Without leaving out a single line, copy the records exactly.

____

(* Let $\Omega\subset\mathbb{R}^n$ be a nonempty closed convex set and $f:\mathbb{R}^n\to\mathbb{R}$ differentiable over $\Omega$ such that (i) $f(\bm{x})\ge\underline{f}$ for all $\bm{x}\in\Omega$, (ii) $\|\nabla f(\bm{x})-\nabla f(\bm{y})\|_2\le L\|\bm{x}-\bm{y}\|_2$ for all $\bm{x},\bm{y}\in\Omega$ for some $L>0$, and (iii) the relaxation sequence $\{\omega_k\}\subset[0,\infty)$ satisfies $\sum_{k=0}^\infty\omega_k<\infty$. Suppose $\{\bm{x}_k\}$ is generated by either IGPM without line search or IGPM with line search (described in the context). Then every limit point $\bm{x}^*$ of $\{\bm{x}_k\}$ is a first-order optimal solution of $\min_{\bm{x}\in\Omega}f(\bm{x})$, i.e., $\bm{x}^*=\mathcal{P}_\Omega(\bm{x}^*-\beta\nabla f(\bm{x}^* ))$ (equivalently $-\nabla f(\bm{x}^* )\in\mathcal{N}(\bm{x}^*|\Omega)$).
   Context: $\mathcal{P}_\Omega$ is Euclidean projection onto $\Omega$ and $\mathcal{N}(\bm{x}|\Omega)$ the normal cone. For $\bm{x}_k\in\Omega$ write $\bm{g}_k=\nabla f(\bm{x}_k)$, $\bm{v}_k=\bm{x}_k-\beta\bm{g}_k$ for a fixed $\beta>0$, and define $p(\bm{z};\bm{x}_k)=\tfrac12\|\bm{z}-\bm{v}_k\|_2^2+\delta_\Omega(\bm{z})$ ($\delta_\Omega$ the $0/+\infty$ indicator of $\Omega$), $\Delta p(\bm{z};\bm{x}_k)=p(\bm{x}_k;\bm{x}_k)-p(\bm{z};\bm{x}_k)$, and $q(\bm{u};\bm{x}_k)=-\tfrac12\|\bm{u}-\bm{v}_k\|_2^2-\delta_\Omega^*(\bm{u})+\tfrac12\|\bm{v}_k\|_2^2$ with $\delta^*_\Omega(\bm{u})=\sup_{\bm{x}\in\Omega}\langle\bm{x},\bm{u}\rangle$. An inexact projection at iteration $k$ is a point $\bm{z}_k\in\Omega$ with $\Delta p(\bm{z}_k;\bm{x}_k)\ge0$ together with some dual point $\bm{u}_k$ such that $\frac{p(\bm{x}_k;\bm{x}_k)-p(\bm{z}_k;\bm{x}_k)+\omega_k}{p(\bm{x}_k;\bm{x}_k)-q(\bm{u}_k;\bm{x}_k)+\omega_k}\ge\gamma$, where $0<\gamma<1$. IGPM without line search: $0<\beta\le1/L$, $\bm{x}_0\in\Omega$, and $\bm{x}_{k+1}=\bm{z}_k$ for all $k$. IGPM with line search: fix $0<\eta<1$, $0<\alpha\le1$, $\beta>0$, $0<\theta<1$, $\bm{x}_0\in\Omega$; set $\bm{d}_k=\bm{z}_k-\bm{x}_k$, let $\alpha_k$ be the largest value in $\{\theta^i\alpha: i=0,1,2,\dots\}$ with $f(\bm{x}_k+\alpha_k\bm{d}_k)\le f(\bm{x}_k)+\eta\alpha_k\bm{g}_k^T\bm{d}_k$, and set $\bm{x}_{k+1}=\bm{x}_k+\alpha_k\bm{d}_k$. The algorithms are considered as generating infinite sequences. *)

From HB Require Import structures.
From mathcomp Require Import all_boot all_order all_algebra.
From mathcomp Require Import all_classical all_reals all_analysis.
Set Implicit Arguments. Unset Strict Implicit. Unset Printing Implicit Defensive.
Import Order.TTheory GRing.Theory Num.Theory.
Import numFieldNormedType.Exports.
Local Open Scope classical_set_scope.
Local Open Scope ring_scope.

____

> **ANSWER TO THIS EXERCISE**
(* Let $\Omega\subset\mathbb{R}^n$ be a nonempty closed convex set and $f:\mathbb{R}^n\to\mathbb{R}$ differentiable over $\Omega$ such that (i) $f(\bm{x})\ge\underline{f}$ for all $\bm{x}\in\Omega$, (ii) $\|\nabla f(\bm{x})-\nabla f(\bm{y})\|_2\le L\|\bm{x}-\bm{y}\|_2$ for all $\bm{x},\bm{y}\in\Omega$ for some $L>0$, and (iii) the relaxation sequence $\{\omega_k\}\subset[0,\infty)$ satisfies $\sum_{k=0}^\infty\omega_k<\infty$. Suppose $\{\bm{x}_k\}$ is generated by either IGPM without line search or IGPM with line search (described in the context). Then every limit point $\bm{x}^*$ of $\{\bm{x}_k\}$ is a first-order optimal solution of $\min_{\bm{x}\in\Omega}f(\bm{x})$, i.e., $\bm{x}^*=\mathcal{P}_\Omega(\bm{x}^*-\beta\nabla f(\bm{x}^* ))$ (equivalently $-\nabla f(\bm{x}^* )\in\mathcal{N}(\bm{x}^*|\Omega)$).
   Context: $\mathcal{P}_\Omega$ is Euclidean projection onto $\Omega$ and $\mathcal{N}(\bm{x}|\Omega)$ the normal cone. For $\bm{x}_k\in\Omega$ write $\bm{g}_k=\nabla f(\bm{x}_k)$, $\bm{v}_k=\bm{x}_k-\beta\bm{g}_k$ for a fixed $\beta>0$, and define $p(\bm{z};\bm{x}_k)=\tfrac12\|\bm{z}-\bm{v}_k\|_2^2+\delta_\Omega(\bm{z})$ ($\delta_\Omega$ the $0/+\infty$ indicator of $\Omega$), $\Delta p(\bm{z};\bm{x}_k)=p(\bm{x}_k;\bm{x}_k)-p(\bm{z};\bm{x}_k)$, and $q(\bm{u};\bm{x}_k)=-\tfrac12\|\bm{u}-\bm{v}_k\|_2^2-\delta_\Omega^*(\bm{u})+\tfrac12\|\bm{v}_k\|_2^2$ with $\delta^*_\Omega(\bm{u})=\sup_{\bm{x}\in\Omega}\langle\bm{x},\bm{u}\rangle$. An inexact projection at iteration $k$ is a point $\bm{z}_k\in\Omega$ with $\Delta p(\bm{z}_k;\bm{x}_k)\ge0$ together with some dual point $\bm{u}_k$ such that $\frac{p(\bm{x}_k;\bm{x}_k)-p(\bm{z}_k;\bm{x}_k)+\omega_k}{p(\bm{x}_k;\bm{x}_k)-q(\bm{u}_k;\bm{x}_k)+\omega_k}\ge\gamma$, where $0<\gamma<1$. IGPM without line search: $0<\beta\le1/L$, $\bm{x}_0\in\Omega$, and $\bm{x}_{k+1}=\bm{z}_k$ for all $k$. IGPM with line search: fix $0<\eta<1$, $0<\alpha\le1$, $\beta>0$, $0<\theta<1$, $\bm{x}_0\in\Omega$; set $\bm{d}_k=\bm{z}_k-\bm{x}_k$, let $\alpha_k$ be the largest value in $\{\theta^i\alpha: i=0,1,2,\dots\}$ with $f(\bm{x}_k+\alpha_k\bm{d}_k)\le f(\bm{x}_k)+\eta\alpha_k\bm{g}_k^T\bm{d}_k$, and set $\bm{x}_{k+1}=\bm{x}_k+\alpha_k\bm{d}_k$. The algorithms are considered as generating infinite sequences. *)

From HB Require Import structures.
From mathcomp Require Import all_boot all_order all_algebra.
From mathcomp Require Import all_classical all_reals all_analysis.
Set Implicit Arguments. Unset Strict Implicit. Unset Printing Implicit Defensive.
Import Order.TTheory GRing.Theory Num.Theory.
Import numFieldNormedType.Exports.
Local Open Scope classical_set_scope.
Local Open Scope ring_scope.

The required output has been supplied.